Russian court imprisons Pussy Riot band members on hooliganism charges
Three members of Russian female punk rock band Pussy Riot were sentenced to two years in prison Friday after they were found guilty of hooliganism for performing a song critical of President Vladimir Putin in a church.
The five months they have spent in detention since their arrests in March count toward the sentence, Judge Marina Sirovaya said.
The judge said the charges against the three young women -- Nadezhda Tolokonnikova, Maria Alyokhina and Yekaterina Samutsevich -- had been proved by witnesses and the facts.
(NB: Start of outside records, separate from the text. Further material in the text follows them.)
Theorem theorem2p25 (R : realType) (H : lmodType R[i]) (ip : H -> H -> R[i])
    (A S Sstar Ssharp : H -> H) :
  is_hilbert ip ->
  positive_op ip A ->
  is_adjoint ip S Sstar ->
  in_BA ip A S Sstar ->
  is_Asharp ip A Sstar Ssharp ->
  forall n : nat, (0 < n)%N ->
    domegaA ip A S ^+ (4 * n) <=
    4%:R ^+ (n - 1) *
      opnormA ip A (opadd (opexp (Ssharp \o S) n) (opexp (Ssharp \o S) (2 * n))) *
      opnormA ip A (opadd (opexp (S \o Ssharp) n) (opexp (Ssharp \o S) (2 * n))).
Proof.
move=> [ip_ax _] A_pos S_adj S_BA S_sharp [//|n] _.
rewrite subn1 /= -mulrA; apply: sup_exprn_le.
- by rewrite muln_gt0.
- by rewrite !mulr_ge0 ?exprn_ge0 ?opnormA_ge0.
move=> _ [z [z1 ->]]; split; first exact: sqrtr_ge0.
exact: domegaA_pointwise_le.
Qed.
(* Let $p$ be an odd prime, $q\geq1$, and let $L=L(x,dx)$ be the free differential graded Lie algebra over $\mathbb{Z}/p$ on generators $x$ of degree $q+1$ and $y=dx$ of degree $q$. Suppose $L=H\oplus K$ where $K$ is a differential submodule (acyclic) with a basis $\{x_\alpha,y_\alpha,z_\beta,w_\beta\}_{\alpha\in\mathscr I,\beta\in\mathscr J}$ of homogeneous elements with $d x_\alpha=y_\alpha$, $\deg x_\alpha$ even, $dz_\beta=w_\beta$, $\deg z_\beta$ odd. Let $\sigma\subset L$ be the subspace spanned by $\{\sigma_k(x_\alpha):\alpha\in\mathscr I,k\geq1\}$ and $\sigma_N$ its degree-$N$ part. Then for every positive integer $N$, $$\dim_{\mathbb{Z}/p}\sigma_N\leq c_1\,N\,\varphi^{N/p},\qquad c_1=2(q+2)\varphi^{2/p},$$ where $\varphi$ is the unique positive real root of $z^{q+1}-z-1$.
   Context: For an even-degree element $u$ of a differential graded Lie algebra over $\mathbb{Z}/p$ ($p$ odd), with $\mathrm{ad}(u)(v)=[u,v]$, define $$\tau_k(u)=\mathrm{ad}^{p^k-1}(u)(du),\qquad \sigma_k(u)=\frac12\sum_{j=1}^{p^k-1}\frac1p\binom{p^k}{j}\big[\mathrm{ad}^{j-1}(u)(du),\ \mathrm{ad}^{p^k-1-j}(u)(du)\big].$$ Note $\deg\sigma_k(u)=p^k\deg u-2$. *)

From mathcomp Require Import all_boot all_order all_algebra.
From mathcomp Require Import reals exp.
Set Implicit Arguments. Unset Strict Implicit. Unset Printing Implicit Defensive.
Import Order.TTheory GRing.Theory Num.Theory.
Local Open Scope ring_scope.

(* The tensor algebra T(x, y) over Z/p on two generators, realised as
   functions from words to 'F_p (a word is a seq bool: true = x, false = y).
   Elements of the free Lie algebra L(x,dx) are finite sums of homogeneous
   elements and hence finitely supported. *)
Definition word := seq bool.
Definition T (p : nat) := word -> 'F_p.

Definition wdeg (q : nat) (w : word) : nat :=
  (\sum_(b <- w) (if b then q.+1 else q))%N.

Definition homog (p q : nat) (N : nat) (a : T p) : Prop :=
  forall w, a w != 0 -> wdeg q w = N.

Definition tzero (p : nat) : T p := fun _ => 0.
Definition tadd (p : nat) (a b : T p) : T p := fun w => a w + b w.
Definition tscale (p : nat) (c : 'F_p) (a : T p) : T p := fun w => c * a w.

Definition genx (p : nat) : T p := fun w => if w == [:: true] then 1 else 0.
Definition geny (p : nat) : T p := fun w => if w == [:: false] then 1 else 0.

(* graded commutator, extended bilinearly:
   [a,b] = sum over homogeneous parts of a_m b_n - (-1)^{mn} b_n a_m *)
Definition tbracket (p q : nat) (a b : T p) : T p := fun w =>
  \sum_(i < (size w).+1)
     (a (take i w) * b (drop i w)
      - (-1) ^+ (wdeg q (take i w) * wdeg q (drop i w)) * b (take i w) * a (drop i w)).

(* the differential: the derivation of degree -1 with d x = y, d y = 0,
   d(uv) = (du) v + (-1)^{|u|} u (dv) *)
Definition tdiff (p q : nat) (a : T p) : T p := fun w =>
  \sum_(i < size w | nth true w i == false)
     (-1) ^+ (wdeg q (take i w)) * a (set_nth true w i true).

Inductive inL (p q : nat) : T p -> Prop :=
| inL_x : inL q (genx p)
| inL_y : inL q (geny p)
| inL_add a b : inL q a -> inL q b -> inL q (tadd a b)
| inL_scale c a : inL q a -> inL q (tscale c a)
| inL_bracket a b : inL q a -> inL q b -> inL q (tbracket q a b)
| inL_ext a b : inL q a -> a =1 b -> inL q b.

Definition lincomb (p n : nat) (c : 'I_n -> 'F_p) (v : 'I_n -> T p) : T p :=
  fun w => \sum_(i < n) c i * v i w.

Definition linindep (p n : nat) (v : 'I_n -> T p) : Prop :=
  forall c : 'I_n -> 'F_p, lincomb c v =1 tzero p -> forall i, c i = 0.

Definition family_indep (p : nat) (Idx : Type) (f : Idx -> T p) : Prop :=
  forall n (s : 'I_n -> Idx), injective s -> linindep (fun i => f (s i)).

Definition in_span (p : nat) (Idx : Type) (f : Idx -> T p) (v : T p) : Prop :=
  exists n (s : 'I_n -> Idx) (c : 'I_n -> 'F_p), v =1 lincomb c (fun i => f (s i)).

Definition adpow (p q : nat) (n : nat) (u v : T p) : T p := iter n (tbracket q u) v.

Definition sigmak (p q : nat) (k : nat) (u : T p) : T p := fun w =>
  (2%:R)^-1 * \sum_(1 <= j < (p ^ k).-1.+1)
     ((('C(p ^ k, j) %/ p)%N)%:R *
      tbracket q (adpow q j.-1 u (tdiff q u))
                 (adpow q ((p ^ k).-1 - j) u (tdiff q u)) w).

Definition in_sigma (p q : nat) (I : Type) (xa : I -> T p) (v : T p) : Prop :=
  in_span (fun ak : I * {k : nat | (1 <= k)%N} => sigmak q (sval ak.2) (xa ak.1)) v.

Definition dim_le (p : nat) (R : realType) (V : T p -> Prop) (B : R) : Prop :=
  forall n (v : 'I_n -> T p), (forall i, V (v i)) -> linindep v -> n%:R <= B.

Definition fam4 (p : nat) (I J : Type) (xa ya : I -> T p) (zb wb : J -> T p)
  (i : (I + I) + (J + J)) : T p :=
  match i with
  | inl (inl a) => xa a | inl (inr a) => ya a
  | inr (inl b) => zb b | inr (inr b) => wb b end.

(* The bound only uses that the x_alpha are linearly independent homogeneous
   elements of the tensor algebra T(x, y).  The argument:
   - sigma_k(x_alpha) is homogeneous of degree p^k deg x_alpha - 2, so a
     degree-N element of sigma lies in the span of the degree-N parts of those
     sigma_k(x_alpha) with p^k deg x_alpha = N + 2 ("admissible" degrees);
   - by Steinitz exchange, dim sigma_N is at most the number of indices alpha
     of admissible degree (for fixed alpha the exponent k is determined);
   - those x_alpha are independent and supported on words of admissible
     degree, so there are at most as many of them as such words;
   - an admissible degree d satisfies p d <= N + 2, so d <= N, and there are
     at most phi^d <= phi^((N+2)/p) words of degree d, since the number of
     words obeys the recursion c(m) = c(m-q-1) + c(m-q) and phi^(q+1) = phi+1.
   Hence dim sigma_N <= N phi^((N+2)/p) <= c_1 N phi^(N/p). *)
From mathcomp Require Import all_boot all_order all_algebra.
From mathcomp Require Import boolp reals exp.
From mathcomp Require Import zify ring lra.
Import Order.TTheory GRing.Theory Num.Theory.
Local Open Scope ring_scope.
Set Implicit Arguments. Unset Strict Implicit.

Section WordDegree.
Variable q : nat.

Lemma wdeg_cons b w : wdeg q (b :: w) = ((if b then q.+1 else q) + wdeg q w)%N.
Proof. by rewrite /wdeg big_cons. Qed.

Lemma wdeg_cat w1 w2 : wdeg q (w1 ++ w2) = (wdeg q w1 + wdeg q w2)%N.
Proof. by rewrite /wdeg big_cat. Qed.

Lemma wdeg_set_x w i : (i < size w)%N -> nth true w i = false ->
  wdeg q (set_nth true w i true) = (wdeg q w).+1.
Proof.
elim: w i => [|b w IH] [|i] //= => [_ ->|hi hn]; rewrite !wdeg_cons //.
by rewrite IH // addnS.
Qed.

(* Every letter has degree at least one when q >= 1. *)
Lemma size_le_wdeg w : (1 <= q)%N -> (size w <= wdeg q w)%N.
Proof. by move=> hq; elim: w => [|b w IH] //=; rewrite wdeg_cons; case: b; lia. Qed.

End WordDegree.

Lemma sum_neq0 (V : nmodType) (X : eqType) (r : seq X) (P : pred X) (F : X -> V) :
  \sum_(i <- r | P i) F i != 0 -> exists i, [/\ i \in r, P i & F i != 0].
Proof.
move=> h; apply/not_existsP => hn; move/eqP: h; apply.
rewrite big_seq_cond big1 // => i /andP[ir Pi].
by case: (eqVneq (F i) 0) => // hF; exfalso; apply: (hn i); split.
Qed.

Section Homogeneity.
Variables p q : nat.

(* [homog_off s D a]: every word in the support of a has degree D - s.
   Carrying the offset s avoids truncated subtraction when d lowers degrees. *)
Definition homog_off (s D : nat) (a : T p) : Prop :=
  forall w, a w != 0 -> (wdeg q w + s = D)%N.

Lemma homog_offE D a : homog q D a -> homog_off 0 D a.
Proof. by move=> ha w /ha; rewrite addn0. Qed.

Lemma homog_tdiff s D a : homog_off s D a -> homog_off s.+1 D (tdiff q a).
Proof.
move=> ha w /sum_neq0 [i [_ /eqP hi hF]].
have hF' : a (set_nth true w i true) != 0.
  by apply: contra hF => /eqP ->; rewrite mulr0.
by have := ha _ hF'; rewrite wdeg_set_x // addnS.
Qed.

Lemma homog_bracket s1 D1 s2 D2 a b : homog_off s1 D1 a -> homog_off s2 D2 b ->
  homog_off (s1 + s2) (D1 + D2) (tbracket q a b).
Proof.
move=> ha hb w /sum_neq0 [i [_ _ hF]].
have e : wdeg q w = (wdeg q (take i w) + wdeg q (drop i w))%N
  by rewrite -wdeg_cat cat_take_drop.
have [h1|h1] : (a (take i w) * b (drop i w) != 0) \/
   ((-1) ^+ (wdeg q (take i w) * wdeg q (drop i w)) * b (take i w) * a (drop i w) != 0).
  case: (eqVneq (a (take i w) * b (drop i w)) 0) => h; last by left.
  by right; apply: contra hF => /eqP h'; rewrite h h' subr0.
- have ha1 : a (take i w) != 0 by apply: contra h1 => /eqP ->; rewrite mul0r.
  have hb1 : b (drop i w) != 0 by apply: contra h1 => /eqP ->; rewrite mulr0.
  by have := ha _ ha1; have := hb _ hb1; lia.
- have ha1 : a (drop i w) != 0 by apply: contra h1 => /eqP ->; rewrite mulr0.
  have hb1 : b (take i w) != 0 by apply: contra h1 => /eqP ->; rewrite mulr0 mul0r.
  by have := ha _ ha1; have := hb _ hb1; lia.
Qed.

Lemma homog_adpow j s1 D1 s2 D2 u v : homog_off s1 D1 u -> homog_off s2 D2 v ->
  homog_off (j * s1 + s2) (j * D1 + D2) (adpow q j u v).
Proof.
move=> hu hv; elim: j => [|j IH] //=.
by have := homog_bracket hu IH; rewrite !mulSn !addnA.
Qed.

(* deg sigma_k(x) = p^k deg x - 2: each summand is a bracket of p^k factors,
   p^k - 2 copies of x and two copies of dx. *)
Lemma homog_sigmak k D x : (1 <= k)%N -> homog_off 0 D x ->
  homog_off 2 (p ^ k * D) (sigmak q k x).
Proof.
move=> hk hx w hw; have hdx := homog_tdiff hx.
have /sum_neq0 [j [jr _ hj]] : \sum_(1 <= j < (p ^ k).-1.+1)
     ((('C(p ^ k, j) %/ p)%N)%:R *
      tbracket q (adpow q j.-1 x (tdiff q x))
                 (adpow q ((p ^ k).-1 - j) x (tdiff q x)) w) != 0.
  by apply: contra hw; rewrite /sigmak => /eqP ->; rewrite mulr0.
rewrite mem_index_iota in jr.
have /(homog_bracket (homog_adpow (j := j.-1) hx hdx)
   (homog_adpow (j := (p ^ k).-1 - j) hx hdx)) :
  tbracket q (adpow q j.-1 x (tdiff q x)) (adpow q ((p ^ k).-1 - j) x (tdiff q x)) w != 0.
  by apply: contra hj => /eqP ->; rewrite mulr0.
rewrite !muln0 => e.
have -> : (p ^ k = j.-1.+1 + ((p ^ k).-1 - j).+1)%N by lia.
by rewrite mulnDl !mulSn; lia.
Qed.

Definition hpart (N : nat) (a : T p) : T p :=
  fun w => if wdeg q w == N then a w else 0.

Lemma in_span_hpart (X : Type) (f : X -> T p) N v : in_span f v -> homog q N v ->
  in_span (fun a => hpart N (f a)) v.
Proof.
move=> [n [s [c hv]]] hN; exists n, s, c => w; rewrite /hpart /lincomb.
case: eqP => [_|hw]; first exact: hv.
rewrite big1 => [|i _]; last by rewrite mulr0.
by apply/eqP/negPn/negP => /hN.
Qed.

Lemma hpart_sigmak_eq0 k D x N : (1 <= k)%N -> homog_off 0 D x ->
  (p ^ k * D != N.+2)%N -> hpart N (sigmak q k x) =1 tzero p.
Proof.
move=> hk hx hD w; rewrite /hpart /tzero; case: eqP => // hw.
apply/eqP/negPn/negP => /(homog_sigmak hk hx).
by rewrite hw addn2 => eD; rewrite eD eqxx in hD.
Qed.

End Homogeneity.

Section Span.
Variable p : nat.

(* The coefficient matrix of the v's over the u's would otherwise have a
   nonzero left kernel vector, giving a vanishing combination of the v's. *)
Lemma linindep_le_span n m (v : 'I_n -> T p) (u : 'I_m -> T p) :
  linindep v -> (forall i, exists c, v i =1 lincomb c u) -> (n <= m)%N.
Proof.
move=> hind /fin_all_exists [C hC].
rewrite leqNgt; apply/negP => hmn.
pose Cm : 'M['F_p]_(n, m) := \matrix_(i, j) C i j.
pose K := kermx Cm.
have /eqP/matrixP : K != 0.
  by rewrite -mxrank_eq0 mxrank_ker; have := rank_leq_col Cm; lia.
move=> /existsNP [i] /existsNP [j] hK.
have hij : K i j != 0 by apply/eqP => e; apply: hK; rewrite e mxE.
have /matrixP hKC : K *m Cm = 0 := mulmx_ker Cm.
suff /(hind _) /(_ j) /eqP : lincomb (fun k => K i k) v =1 tzero p.
  by rewrite (negbTE hij).
move=> w; rewrite /lincomb /tzero.
under eq_bigr => k _ do rewrite hC /lincomb big_distrr /=.
rewrite exchange_big /= big1 // => l _.
have := hKC i l; rewrite !mxE => e.
rewrite -[RHS](mul0r (u l w)) -[X in _ = X * _]e big_distrl /=.
by apply: eq_bigr => k _; rewrite /Cm mxE mulrA.
Qed.

Lemma sum_tnth_eq (X : eqType) (U : seq X) (a : X) (y : 'F_p) : uniq U ->
  \sum_(j < size U) (if a == tnth (in_tuple U) j then y else 0) =
  if a \in U then y else 0.
Proof.
move=> uU; rewrite -big_mkcond.
rewrite -(big_tnth 0 +%R U (fun b => a == b) (fun _ => y)) /=.
elim: U uU => [|b U IH] /=; first by rewrite big_nil.
move=> /andP[bU uU]; rewrite big_cons IH // in_cons.
case: (eqVneq a b) => [->|ab] /=; last by rewrite ?add0r.
by rewrite (negbTE bU) addr0.
Qed.

Lemma in_span_seq (X : Type) (f : X -> T p) v : in_span f v ->
  exists l : seq ('F_p * X), forall w, v w = \sum_(x <- l) x.1 * f x.2 w.
Proof.
move=> [n [s [c h]]]; exists [seq (c j, s j) | j <- index_enum 'I_n] => w.
by rewrite h /lincomb big_map.
Qed.

Lemma linindep_in_span_le (X : eqType) (f : X -> T p) (P : pred X)
    n (v : 'I_n -> T p) :
  linindep v -> (forall i, in_span f (v i)) ->
  (forall a, ~~ P a -> f a =1 tzero p) ->
  exists U : seq X, [/\ uniq U, all P U & (n <= size U)%N].
Proof.
move=> hind hspan hzero.
have [l hl] := fin_all_exists (fun i => in_span_seq (hspan i)).
pose U := undup [seq a <- map snd (flatten [seq l i | i <- enum 'I_n]) | P a].
have uU : uniq U := undup_uniq _.
have inU i x : x \in l i -> P x.2 -> x.2 \in U.
  move=> hx hP; rewrite mem_undup mem_filter hP /=; apply: map_f.
  by apply/flattenP; exists (l i) => //; apply: map_f; rewrite mem_enum.
exists U; split => //.
  by apply/allP => a; rewrite mem_undup mem_filter => /andP[].
apply: (linindep_le_span hind) => i.
exists (fun j => \sum_(x <- l i | x.2 == tnth (in_tuple U) j) x.1) => w.
rewrite hl /lincomb.
under [RHS]eq_bigr => j _ do rewrite big_distrl /=.
under [RHS]eq_bigr => j _.
  rewrite (eq_bigr (fun x => x.1 * f x.2 w)); last by move=> x /eqP ->.
  rewrite big_mkcond /=.
over.
rewrite exchange_big /=; apply: eq_big_seq => x hx.
rewrite (sum_tnth_eq _ _ uU); case: ifP => // hxU.
case: (boolP (P x.2)) => hP; first by rewrite (inU _ _ hx hP) in hxU.
by rewrite hzero // /tzero mulr0.
Qed.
The Pussy Riot members were charged after screaming, "Mother Mary, please drive Putin away," in a protest act in February inside Christ Savior Cathedral, one of Moscow's grandest houses of worship.
Punk bands perform in support of jailed rockers
Sirovaya rejected the women's defense that they were acting from political motives, ruling that they had intended to insult the Russian Orthodox Church and undermine public order.
However, the fact that two of them have young children was a mitigating factor in the sentencing, the judge said.
The defendants were accused of offending the churchgoers present -- through their actions, obscene language and their clothing -- and showing a lack of respect for the rules of the Orthodox Church. They ignored requests to stop their brief unscheduled protest performance, the court heard.
While their actions outraged many of Russia's faithful, their high-profile trial prompted international concern about freedom of speech in Russia.